What factors should we be looking at to achieve latency below 1 second? Is this even achievable?
Alternatively, is there a different mode of replication we should consider? What is the best practice for the locations of the data and log files?
Edit
Thanks to all for the advice and insight - I believe that the latency periods we are experiencing are normal; we were mis-led by our db hosting company as to what latency times to expect!
We're using the technique described near the bottom of this MSDN article (under the heading "scaling databases"), and we'd failed to deal properly with this warning:
The consequence of creating such specialized databases is latency: a write is now going to take time to be distributed to the reader databases. But if you can deal with the latency, the scaling potential is huge.
We're now looking at implementing a change to our caching mechanism that enforces reads from the write database when an item of data is considered to be "volatile".
No. It's highly unlikely you could achieve sub-1s latency times with SQL Server transactional replication even with fast hardware.
If you can get 1 - 5 seconds latency then you are doing well.
From here:
Using transactional replication, it is
possible for a Subscriber to be a few
seconds behind the Publisher. With a
latency of only a few seconds, the
Subscriber can easily be used as a
reporting server, offloading expensive
user queries and reporting from the
Publisher to the Subscriber.
In the following scenario (using the
Customer table shown later in this
section) the Subscriber was only four
seconds behind the Publisher. Even
more impressive, 60 percent of the
time it had a latency of two seconds
or less. The time is measured from
when the record was inserted or
updated at the Publisher until it was
actually written to the subscribing
database.
I would say it's definately possible.
I would look at:
Your network
Run ping commands between the two servers and see if there are any issues
If the servers are next to each other you should have < 1 ms.
Bottlenecks on the server
This could be network traffic (volume)
Like network cards not being configured for 1GB/sec
Anti-virus or other things
Do some analysis on some queries and see if you can identify indexes or locking which might be a problem
See if any of the selects on the read database might be blocking the writes.
Add with (nolock), and see if this makes a difference on one or two queries you're analyzing.
Essentially you have a complicated system which you have a problem with, you need to determine which component is the problem and fix it.
Transactional replication is probably best if the reports / selects you need to run need to be up to date. If they don't you could look at log shipping, although that would add some down time with each import.
For data/log files, make sure they're on seperate drives so the performance is maximized.
Something to remember about transaction replication is that a single update now requires several operations to happen for that change to occur.
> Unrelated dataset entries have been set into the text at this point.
(* Only the n = 0 term survives multiplication by q on the right. *)
Lemma ql_inv_q v : ql_inv (q v) = q' (q v).
Proof.
  unfold ql_inv. rewrite series_compr, series_shift by (auto using GB_compr, ql_term_GB).
  rewrite series_zero, vadd0. reflexivity.
  intros n w. unfold ql_term, opmul. rewrite ql_pow_q. apply bl_zero, BL_pow, ql_qinv_bl.
Qed.

Lemma ql_inv_qinv_q v : ql_inv (q' (q v)) = q' v.
Proof.
  pose proof ql_qinv_bl.
  unfold ql_inv. rewrite series_compr, series_shift by (auto using GB_compr, BL_mul, ql_term_GB).
  rewrite series_zero, vadd0.
  - unfold ql_term, opmul. simpl. unfold opmul. rewrite (gD_inner q q' Gq). reflexivity.
  - intros n w. unfold ql_term, opmul. rewrite ql_pow_qinv. apply bl_zero, BL_pow; auto.
Qed.

Lemma ql_inv_p v : ql_inv (p v) = ql_tail v.
Proof. unfold ql_inv, ql_tail. apply series_compr. Qed.

Lemma ql_p_inv v : p (ql_inv v) = vzero.
Proof.
  unfold ql_inv. rewrite series_compl by (auto using ql_term_GB).
  apply series_zero. intros n w. unfold ql_term, opmul. simpl. unfold opmul. apply ql_p_qinv.
Qed.

Lemma ql_p_tail v : p (ql_tail v) = vzero.
Proof.
  unfold ql_tail. rewrite series_compl by (auto using ql_tail_GB, ql_term_bl).
  apply series_zero. intros n w. unfold ql_term, opmul. simpl. unfold opmul. apply ql_p_qinv.
Qed.

(* q x = q'q + W, since q q'^(n+2) = q'^(n+1). *)
Lemma ql_q_inv v : q (ql_inv v) = vadd (q' (q v)) (ql_tail v).
Proof.
  pose proof ql_qinv_bl.
  unfold ql_inv. rewrite series_compl, series_shift by (auto using GB_compl, ql_term_GB).
  f_equal.
  - unfold ql_term, opmul. simpl. unfold opmul. apply (gD_comm q q' Gq).
  - unfold ql_tail. f_equal.
    apply functional_extensionality; intro n. apply functional_extensionality; intro w.
    unfold ql_term, opmul. simpl. unfold opmul. rewrite ql_q_qinv2, <- oppow_S_r. reflexivity.
Qed.

Lemma ql_q_tail v : q (ql_tail v) = vadd (q' (q (p v))) (ql_tail (p v)).
Proof.
  pose proof ql_qinv_bl.
  unfold ql_tail. rewrite series_compl, series_shift by (auto using GB_compl, ql_tail_GB).
  f_equal.
  - unfold ql_term, opmul. simpl. unfold opmul. apply (gD_comm q q' Gq).
  - rewrite series_compr. f_equal.
    apply functional_extensionality; intro n. apply functional_extensionality; intro w.
    unfold ql_term, opmul. simpl. unfold opmul. rewrite ql_q_qinv2, <- !oppow_S_r. reflexivity.
Qed.

Lemma ql_inv_unfold v : ql_inv v = vadd (q' v) (ql_inv (ql_tail v)).
Proof.
  pose proof ql_qinv_bl.
  assert (E : ql_inv (ql_tail v) = series (fun n => ql_term (S n)) v).
  { unfold ql_inv at 1. rewrite series_compr, series_shift by (auto using GB_compr, ql_tail_bl, ql_term_GB).
    rewrite series_zero, vadd0.
    - unfold opmul at 1. unfold ql_tail. rewrite series_compl by (auto using ql_tail_GB, ql_term_bl). f_equal.
      apply functional_extensionality; intro n. apply functional_extensionality; intro w.
      unfold ql_term, opmul. simpl. unfold opmul. rewrite <- !oppow_S_r. reflexivity.
    - intros n w. unfold opmul at 1. unfold ql_tail. rewrite series_compl by (auto using ql_tail_GB, ql_term_bl).
      apply series_zero. intros m u. unfold ql_term, opmul.
      replace (oppow p (S n) (oppow q' (S m) (oppow p m (p u)))) with (@vzero X)
        by (symmetry; apply ql_pow_qinv).
      apply bl_zero, BL_pow; auto. }
  rewrite E. unfold ql_inv at 1. rewrite series_shift by (apply ql_term_GB). reflexivity.
Qed.

Lemma gD_add_qnil_l : gD (opadd p q) ql_inv.
Proof.
  pose proof ql_qinv_bl as Hq'. pose proof ql_inv_bl as Hx. pose proof ql_tail_bl as HW.
  pose proof Gq as [_ [_ [_ H3]]].
  split; [exact Hx|split; [|split]].
  - opext. unfold opadd. rewrite ql_p_inv, ql_q_inv, vadd0l, (bl_add ql_inv Hx), ql_inv_qinv_q.
    rewrite <- ql_inv_unfold. reflexivity.
  - opext. unfold opadd. rewrite ql_p_inv, ql_q_inv, vadd0l, (bl_add ql_inv Hx), ql_inv_q, ql_inv_p.
    apply vaddC.
  - (* The residual splits as E p + (q - q^2 q') with E = 1 - q'q - W, where
       E p (q - q^2 q') = 0; both parts are quasinilpotent. *)
    set (E := opsub (opsub (fun v => v) (opmul q' q)) ql_tail).
    assert (HE : bounded_linear E) by (unfold E; bl).
    set (s := opmul E p). set (t := opsub q (opmul (opmul q q) q')).
    replace (opsub (opadd p q) (opmul (opmul (opadd p q) (opadd p q)) ql_inv)) with (opadd s t).
    + apply QN_sum; [unfold s; bl|unfold t; bl| | |exact H3].
      * intros v. unfold s, t, opsub, opmul. pushlin. rewrite !Hpq. pushlin. rewrite ?vopp0. abel.
      * unfold s. apply QN_comm; auto.
        replace (opmul p E) with p; auto. unfold E. opext. pushlin.
        rewrite ql_p_qinv, ql_p_tail, !vopp0, !vadd0. reflexivity.
    + opext. unfold s, t, E, opsub, opmul, opadd. rewrite ql_p_inv, ql_q_inv. pushlin.
      rewrite ql_p_qinv, ql_p_tail, ql_q_tail, (gD_comm q q' Gq). abel.
Qed.

End AddQuasinilpotentLeft.

Section AddOrthogonal.
Context {X : CBanach}.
First you update the source table.
Next the log readers sees the change and writes the change to the distribution database.
Next the distribution agent sees the new entry in the distribution database and reads that change, then runs the correct stored procedure on the subscriber to update the row.
If you monitor the statement run times on the two servers you'll probably see that they are running in just a few milliseconds. However it is the lag time while waiting for the log reader and distribution agent to see that they need to do something which is going to kill you.
If you truly need sub second processing time then you will want to look into writing your own processing engine to handle data moving from one server to another. I would recommend using SQL Service Broker to handle this as this way everything is native to SQL Server and no third party code has to be written.